Asiaha and a new friend.




Geraldine and I had a great time together.
She was very shy...when I spoke to her, she would smile, giggle and bury her head in my shoulder.
John attracted a crowd...ironic as he has three boys at home.




Kevin was clearly moved by his orphanage village...He had little to say and retired early that night...
Jim's balloons were the perfect distraction needed for us to be able to sneak out with a minimal amount of tears (adults, not the kids).
One of my favorite photos...completely untouched. This is exactly what the camera saw.  I took just this one image and then put the camera down to cheer them on...Eventually, they got both balloons inflated.


The drive off the mountain had an interesting moment. We came around a bend in the narrow road and there was a tractor obviously broken down in the middle of the road.  It wasn't your average tractor is was giant one with tires that were six feet tall.  It had to weigh many tons, so pushing it out of the way seemed out of the question.  The tractor guys were waving Pere Bruno to drive around the stranded vehicle.  The first motioned to the right, but that wasn't an option. There was not guard rail and no shoulder and if we had slipped off the skinny road, we would have plummeted down the hill in a ball of fire.  Thank you, no.

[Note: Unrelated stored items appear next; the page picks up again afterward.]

(* Let $G$ be a group acting properly by isometries on a metric space $X$ and let $H\le G$. Suppose there exist a map $\phi\colon G\to G$, a constant $\theta\ge0$ and a point $x\in X$ such that (CQ1) for all $u,v\in G$, if $\phi(u)H=\phi(v)H$ then $d(\phi(u)x,\phi(v)x)\le\theta$; and (CQ2) for all $u\in G$, $d(ux,\phi(u)x)\le\theta$. Then $\omega_G=\omega_{G/H}$.
   Context: Proper means $B_G(x,r)=\{g\in G: d(x,gx)\le r\}$ is finite for all $x,r$. For $o\in X$: $\omega_G=\limsup_{r\to\infty}\frac1r\log|B_G(o,r)|$ and $\omega_{G/H}=\limsup_{r\to\infty}\frac1r\log|\mathcal L(B_G(o,r))|$, where $\mathcal L\colon G\to G/H$ is the natural map to left cosets; these do not depend on $o$. *)

From HB Require Import structures.
From mathcomp Require Import all_boot all_order all_algebra.
From mathcomp Require Import all_classical all_reals all_analysis.
Set Implicit Arguments. Unset Strict Implicit. Unset Printing Implicit Defensive.
Import Order.TTheory GRing.Theory Num.Theory numFieldTopology.Exports numFieldNormedType.Exports.
Local Open Scope classical_set_scope.
Local Open Scope ring_scope.

Record group_on (G : Type) := GroupOn {
  gmul : G -> G -> G;
  gone : G;
  ginv : G -> G;
  gmulA : forall a b c, gmul a (gmul b c) = gmul (gmul a b) c;
  gmul1 : forall a, gmul gone a = a;
  gmulV : forall a, gmul (ginv a) a = gone }.

Record metric_on (R : realType) (X : Type) := MetricOn {
  dist : X -> X -> R;
  dist_eq0 : forall x y, dist x y = 0 <-> x = y;
  dist_sym : forall x y, dist x y = dist y x;
  dist_tri : forall x y z, dist x z <= dist x y + dist y z }.

Definition isometric_action (R : realType) (G X : Type) (g : group_on G)
    (m : metric_on R X) (act : G -> X -> X) : Prop :=
  (forall x, act (gone g) x = x) /\
  (forall a b x, act (gmul g a b) x = act a (act b x)) /\
  (forall a x y, dist m (act a x) (act a y) = dist m x y).

Definition ball_G (R : realType) (G X : Type) (m : metric_on R X)
    (act : G -> X -> X) (x : X) (r : R) : set G :=
  [set a | dist m x (act a x) <= r].

Definition proper_action (R : realType) (G X : Type) (m : metric_on R X)
    (act : G -> X -> X) : Prop :=
  forall x r, finite_set (ball_G m act x r).

Definition is_subgroup (G : Type) (g : group_on G) (H : set G) : Prop :=
  H (gone g) /\ (forall a b, H a -> H b -> H (gmul g a b)) /\
  (forall a, H a -> H (ginv g a)).

Definition lcoset (G : Type) (g : group_on G) (H : set G) (a : G) : set G :=
  [set y | exists2 h, H h & y = gmul g a h].

Definition coset_image (G : Type) (g : group_on G) (H : set G) (A : set G)
    : set (set G) := lcoset g H @` A.

(* number of elements of a finite set (0 by convention for infinite sets) *)
Definition ncard (T : Type) (A : set T) : nat :=
  match pselect (finite_set A) with
  | left _ => xget 0%N [set n | A #= `I_n]%card
  | right _ => 0%N
  end.

Definition growth_rate (R : realType) (T : Type) (A : R -> set T) : \bar R :=
  limf_esup (fun r : R => ((ln (ncard (A r))%:R) / r)%:E) (pinfty_nbhs R).

Definition omega_G (R : realType) (G X : Type) (m : metric_on R X)
    (act : G -> X -> X) (o : X) : \bar R :=
  growth_rate (fun r => ball_G m act o r).

Definition omega_GH (R : realType) (G X : Type) (g : group_on G)
    (m : metric_on R X) (act : G -> X -> X) (H : set G) (o : X) : \bar R :=
  growth_rate (fun r => coset_image g H (ball_G m act o r)).

From HB Require Import structures.
From mathcomp Require Import all_boot all_order all_algebra.
From mathcomp Require Import all_classical all_reals all_analysis.
From mathcomp Require Import lra.
Set Implicit Arguments. Unset Strict Implicit. Unset Printing Implicit Defensive.
Import Order.TTheory GRing.Theory Num.Theory numFieldTopology.Exports numFieldNormedType.Exports.
Local Open Scope classical_set_scope.
Local Open Scope ring_scope.

(* For every coset of the form phi(c) H fix such a c.  The map
   u |-> (phi(u) H, c^-1 u), with c the representative of phi(u) H, is
   injective on B_G(x,s); by (CQ2) its first component lies in
   L(B_G(x, s + theta)), and by (CQ1) and (CQ2) its second lies in the finite
   ball B_G(x, 3 theta).  Hence |B_G(x,s)| <= C |L(B_G(x, s + theta))|.
   Changing the base point only shifts radii by a constant, which does not
   affect exponential growth rates, and the reverse inequality is clear since
   L(B) is an image of B. *)

Section Ncard.

Lemma ncardP (T : Type) (A : set T) : finite_set A -> (A #= `I_(ncard A))%card.
Proof.
move=> fA; rewrite /ncard; case: pselect => // _.
by case: fA => n An; apply: (@xgetPex nat 0%N [set n | (A #= `I_n)%card]); exists n.
Qed.

Lemma ncard_le (T U : Type) (A : set T) (B : set U) :
  finite_set B -> (A #<= B)%card -> (ncard A <= ncard B)%N.
Proof.
move=> fB AB; have fA := card_le_finite AB fB.
by rewrite -card_le_II -(card_le_eql (ncardP fA)) -(card_le_eqr (ncardP fB)).
Qed.

Lemma ncard_gt0 (T : Type) (A : set T) (a : T) :
  finite_set A -> A a -> (0 < ncard A)%N.
Proof.
move=> fA Aa; rewrite lt0n; apply/negP => /eqP A0.
by have := ncardP fA; rewrite A0 II0 card_eq0 => /eqP A0'; rewrite A0' in Aa.
Qed.

Lemma ncard_fset (T : choiceType) (A : set T) :
  finite_set A -> ncard A = size (finmap.enum_fset (fset_set A)).
Proof. by move=> fA; apply/esym/card_fset_set/ncardP. Qed.

Lemma ncardX (U V : choiceType) (I : set U) (J : set V) :
  finite_set I -> finite_set J -> (ncard (I `*` J) <= ncard I * ncard J)%N.
Proof.
move=> fI fJ; have fIJ := finite_setX fI fJ.
rewrite !ncard_fset // -(size_allpairs pair).
apply: uniq_leq_size; first exact: finmap.fset_uniq.
move=> [u v]; rewrite in_fset_set // => /set_mem [/= Iu Jv].
by apply: allpairs_f; rewrite in_fset_set //; apply: mem_set.
Qed.

Lemma ncard_le_mul (T U V : choiceType) (A : set T) (I : set U) (J : set V)
    (F1 : T -> U) (F2 : T -> V) :
  finite_set I -> finite_set J ->
  (forall a, A a -> I (F1 a) /\ J (F2 a)) ->
  (forall a b, A a -> A b -> F1 a = F1 b -> F2 a = F2 b -> a = b) ->
  (ncard A <= ncard I * ncard J)%N.
Proof.
move=> fI fJ FIJ Finj; apply: leq_trans (ncardX fI fJ).
apply: ncard_le; first exact: finite_setX.
have inj_F : ([set (F1 a, F2 a) | a in A] #= A)%card.
  by apply: inj_card_eq => a b /set_mem Aa /set_mem Ab [] /Finj; apply.
rewrite -(card_le_eql inj_F); apply: subset_card_le.
by move=> _ [a /FIJ [Ia Ja] <-].
Qed.

End Ncard.

Section GrowthRate.
Variable R : realType.
Local Open Scope ereal_scope.

Lemma limf_esup_pinfty_lt (h : R -> \bar R) (y : R) :
  limf_esup h (pinfty_nbhs R) < y%:E -> exists M : R, forall r, (M < r)%R -> h r < y%:E.
Proof.
rewrite limf_esupE => /ereal_inf_lt [_ [V [M [_ MV]] <-]] supy.
exists M => r Mr; apply: le_lt_trans supy.
by apply: ereal_sup_ubound; exists r => //; apply: MV.
Qed.

Lemma limf_esup_pinfty_le (h : R -> \bar R) (N y : R) :
  (forall r, (N < r)%R -> h r <= y%:E) -> limf_esup h (pinfty_nbhs R) <= y%:E.
Proof.
move=> hy; rewrite limf_esupE; apply: le_trans (ereal_inf_lbound _) _.
  by exists [set r | (N < r)%R] => //; exists N; split => //; apply: num_real.
by apply: ge_ereal_sup => _ [r Nr <-]; apply: hy.
Qed.

Lemma lee_real_gt (a b : \bar R) :
  (forall y : R, b < y%:E -> a <= y%:E) -> a <= b.
Proof.
case: b => [b | | ] ab; last 2 first.
- exact: leey.
- case: a ab => [a | | ] ab //.
  + by have := ab (a - 1)%R (ltNyr _); rewrite lee_fin => ?; exfalso; lra.
  + by have := ab 0%R (ltNyr _).
apply/lee_addgt0Pr => e e0; apply: ab; rewrite lte_fin; lra.
Qed.

(* Given [y > limsup g(r)/r] and [e > 0], once [r] is large enough that
   [g(r + k) < y (r + k)] and [|c + y k| < r e], we get [f(r)/r < y + e]. *)
Lemma limf_esup_div_shift (f g : R -> R) (c k : R) :
  (0 <= k)%R -> (forall r, 0 < r -> f r <= c + g (r + k))%R ->
  limf_esup (fun r => (f r / r)%:E) (pinfty_nbhs R) <=
  limf_esup (fun r => (g r / r)%:E) (pinfty_nbhs R).
Proof.
move=> k0 fg; apply: lee_real_gt => y /limf_esup_pinfty_lt [M gy].
apply/lee_addgt0Pr => e e0; rewrite -EFinD.
apply: (limf_esup_pinfty_le (N := Num.max M 0 + `|c + y * k| / e)%R) => r Nr.
have M0 : (M <= Num.max M 0 /\ 0 <= Num.max M 0)%R.
  by rewrite !le_max !lexx orbT.
have ce0 : (0 <= `|c + y * k| / e)%R by rewrite divr_ge0 // ltW.
have r0 : (0 < r)%R by lra.
have /gy : (M < r + k)%R by lra.
rewrite lte_fin ltr_pdivrMr; last by lra.
have : (`|c + y * k| < r * e)%R by rewrite -ltr_pdivrMr //; lra.
have := ler_norm (c + y * k)%R; have := fg r r0.
rewrite lee_fin ler_pdivrMr //; nra.
Qed.

Lemma growth_rate_le (T U : Type) (A : R -> set T) (B : R -> set U) (C : nat) (k : R) :
  (0 <= k)%R ->
  (forall r, (0 < r)%R -> (0 < ncard (A r))%N /\ (0 < ncard (B (r + k)%R))%N) ->
  (forall r, (0 < r)%R -> (ncard (A r) <= C * ncard (B (r + k)%R))%N) ->
  growth_rate A <= growth_rate B.
Proof.
move=> k0 pos AB; apply: (limf_esup_div_shift (c := ln C%:R) k0) => r r0.
have [A0 B0] := pos r r0; have AB_r := AB r r0.
have C0 : (0 < C)%N.
  by rewrite lt0n; apply: contraTneq AB_r => ->; rewrite mul0n -ltnNge.
have CB0 : (0 < C * ncard (B (r + k)%R))%N by rewrite muln_gt0 C0.
by rewrite -lnM ?posrE ?ltr0n // -natrM ler_ln ?posrE ?ltr0n // ler_nat.
Qed.

End GrowthRate.

Section Group.
Variables (G : Type) (g : group_on G).

Lemma gmulVr (a : G) : gmul g a (ginv g a) = gone g.
Proof.
have aVa : gmul g (ginv g a) (gmul g a (ginv g a)) = ginv g a.
  by rewrite gmulA gmulV gmul1.
by rewrite -[LHS](gmul1 g) -(gmulV g (ginv g a)) -gmulA aVa gmulV.
Qed.

Lemma gmulKV (a u : G) : gmul g a (gmul g (ginv g a) u) = u.
Proof. by rewrite gmulA gmulVr gmul1. Qed.

End Group.

Lemma dist_ge0 (R : realType) (X : Type) (m : metric_on R X) (p q : X) :
  0 <= dist m p q.
Proof.
have := dist_tri m p q p; rewrite (dist_sym m q p).
by have /(dist_eq0 m) -> : p = p by []; lra.
Qed.

Section IsometricAction.
Variables (R : realType) (G X : Type) (g : group_on G) (m : metric_on R X).
Variable act : G -> X -> X.
Hypothesis act_isom : isometric_action g m act.

Lemma dist_act_invl (a u : G) (y : X) :
  dist m y (act (gmul g (ginv g a) u) y) = dist m (act a y) (act u y).
Proof.
have [act1 [actM act_dist]] := act_isom.
by rewrite -(act_dist a) actM -actM gmulVr act1.
Qed.

Lemma ball_G_shift (p q : X) (r r' : R) :
  r + 2 * dist m p q <= r' -> ball_G m act p r `<=` ball_G m act q r'.
Proof.
have [_ [_ act_dist]] := act_isom.
move=> rr' u; rewrite /ball_G /= => pu.
have := dist_tri m q p (act u q); have := dist_tri m p (act u p) (act u q).
by rewrite act_dist (dist_sym m q p); lra.
Qed.

Lemma ball_G1 (p : X) (r : R) : 0 <= r -> ball_G m act p r (gone g).
Proof.
have [act1 _] := act_isom.
by rewrite /ball_G /= act1; have /(dist_eq0 m) -> : p = p by [].
Qed.

Hypothesis act_proper : proper_action m act.

Lemma ncard_ball_G_gt0 (p : X) (r : R) :
  0 <= r -> (0 < ncard (ball_G m act p r))%N.
Proof. by move=> r0; apply: ncard_gt0 (act_proper p r) (ball_G1 p r0). Qed.

Lemma ncard_coset_image_gt0 (H : set G) (p : X) (r : R) :
  0 <= r -> (0 < ncard (coset_image g H (ball_G m act p r)))%N.
Proof.
move=> r0; apply: ncard_gt0; first exact/finite_image/act_proper.
by exists (gone g); first exact: ball_G1.
Qed.

Lemma ncard_coset_image_le (H : set G) (p : X) (r : R) :
  (ncard (coset_image g H (ball_G m act p r)) <= ncard (ball_G m act p r))%N.
Proof. by apply: ncard_le (act_proper p r) _; apply: card_image_le. Qed.

Section QuasiTransversal.
Variables (H : set G) (phi : G -> G) (theta : R) (x : X).
Hypothesis CQ1 : forall u v, lcoset g H (phi u) = lcoset g H (phi v) ->
  dist m (act (phi u) x) (act (phi v) x) <= theta.
Hypothesis CQ2 : forall u, dist m (act u x) (act (phi u) x) <= theta.

Lemma ncard_ball_G_le_cosets (s : R) :
  (ncard (ball_G m act x s) <=
   ncard (coset_image g H (ball_G m act x (s + theta))) *
   ncard (ball_G m act x (3 * theta)))%N.
Proof.
pose L u := lcoset g H (phi u).
pose rep c : G := xget (gone g : {classic G}) [set y | L y = c].
have repP u : L (rep (L u)) = L u.
  by apply: (@xgetPex _ (gone g : {classic G}) [set y | L y = L u]); exists u.
apply: (@ncard_le_mul {classic G} {classic (set G)} {classic G} _ _ _
  L (fun u => gmul g (ginv g (rep (L u))) u)).
- exact/finite_image/act_proper.
- exact: act_proper.
- move=> u Au; split.
    exists (phi u) => //; move: Au; rewrite /ball_G /= => Au.
    by have := dist_tri m x (act u x) (act (phi u) x); have := CQ2 u; lra.
  rewrite /ball_G /= dist_act_invl.
  have := dist_tri m (act (rep (L u)) x) (act (phi (rep (L u))) x) (act u x).
  have := dist_tri m (act (phi (rep (L u))) x) (act (phi u) x) (act u x).
  have := CQ1 (repP u); have := CQ2 (rep (L u)); have := CQ2 u.
  by rewrite (dist_sym m (act u x)); lra.
- move=> u v _ _ /= Luv; rewrite Luv => eq_rep.
  by rewrite -(gmulKV g (rep (L v)) u) eq_rep gmulKV.
Qed.

Lemma ncard_ball_G_le_cosets_at (o : X) (r : R) :
  (ncard (ball_G m act o r) <=
   ncard (coset_image g H
     (ball_G m act o (r + (2 * dist m o x + theta + 2 * dist m x o)))) *
   ncard (ball_G m act x (3 * theta)))%N.
Proof.
apply: (leq_trans (n := ncard (ball_G m act x (r + 2 * dist m o x)))).
  by apply/ncard_le/subset_card_le/ball_G_shift; first exact: act_proper.
apply: leq_trans (ncard_ball_G_le_cosets _) _; rewrite leq_mul2r; apply/orP; right.
apply/ncard_le/subset_card_le/image_subset/ball_G_shift; first exact/finite_image/act_proper.
lra.
Qed.

End QuasiTransversal.
End IsometricAction.

Theorem mainTheorem7 (R : realType) (G X : Type) (g : group_on G)
    (m : metric_on R X) (act : G -> X -> X)
    (Hact : isometric_action g m act) (Hprop : proper_action m act)
    (H : set G) (HH : is_subgroup g H)
    (phi : G -> G) (theta : R) (x : X) (Htheta : 0 <= theta)
    (CQ1 : forall u v, lcoset g H (phi u) = lcoset g H (phi v) ->
             dist m (act (phi u) x) (act (phi v) x) <= theta)
    (CQ2 : forall u, dist m (act u x) (act (phi u) x) <= theta) :
  forall o : X, omega_G m act o = omega_GH g m act H o.
Proof.
move=> o; set k := 2 * dist m o x + theta + 2 * dist m x o.
have k0 : 0 <= k by rewrite /k; have := dist_ge0 m o x; have := dist_ge0 m x o; lra.
apply/eqP; rewrite eq_le; apply/andP; split.
- apply: (growth_rate_le (C := ncard (ball_G m act x (3 * theta))) k0) => r r0.
    by split; [apply: (ncard_ball_G_gt0 Hact) | apply: (ncard_coset_image_gt0 Hact)];
      rewrite //; lra.
  by rewrite mulnC; apply: (ncard_ball_G_le_cosets_at Hact Hprop CQ1 CQ2).
- apply: (growth_rate_le (C := 1%N) (lexx 0)) => r r0.
    by split; [apply: (ncard_coset_image_gt0 Hact) | apply: (ncard_ball_G_gt0 Hact)];
      rewrite // ?addr0; lra.
  by rewrite mul1n addr0; apply: (ncard_coset_image_le g Hprop).
Qed.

So, Pere Bruno opted to try to pass on the left.  The first problem was that there was an old telephone pole close to the tractor. We determined that there was at least two or three inches of clearance which brought us to the second problem. The narrow gap we had to shoot had a deep ditch running through it at a 45-degree angle meaning the Land Cruiser was likely to rock back and forth in a tight space which afforded no room for any variance.  Pere Bruno navigated the car through without touching either the pole or the tractor prompting John Connolly to say "Pere Bruno you really are a man of faith."  The driver behind us hit the pole...or the tractor...or both. Not sure.  It was classis Pere Bruno -- calm, steady, unerring...no problem. 
Street scene in Cap Haitien. This is fairly typical, but not as crowded as many of the streets we traveled. 
Note the Coke and Sprite bottles...served with ice!  No Diet Coke or Coke Light as they call it everywhere else but America, but plenty of Coke or Sprite with ice.  Ice = Cold.  Cold is good.  I learned in Haiti that I can live happily without air-conditioning or hot water, but I need cold drinks and ice.
Pere Bruno took us to lunch and then for some shopping at the market under the restaurant. 
Yes, that's ESPN's Sportscenter over Tony's head.
The food was good, but slow...the power was provided by a generator in the men's room.  Not near it, IN it...two armed guards greeted us when we arrived...


Before we left Cap Haitian where we visited the Tourist Market.  I'm told cruise ships used to stop here.  Having recently been on a cruise, I can only imagine my fellow cruisers getting off the ship in Haiti, taking a quick look around and returning immediately to the ship...It just isn't a tourist destination in the traditional sense.  So the local merchants sit in the Tourist Market waiting for a handful of Americans to wander through and, no doubt, hoping that some day a thriving tourism industry will return to Haiti.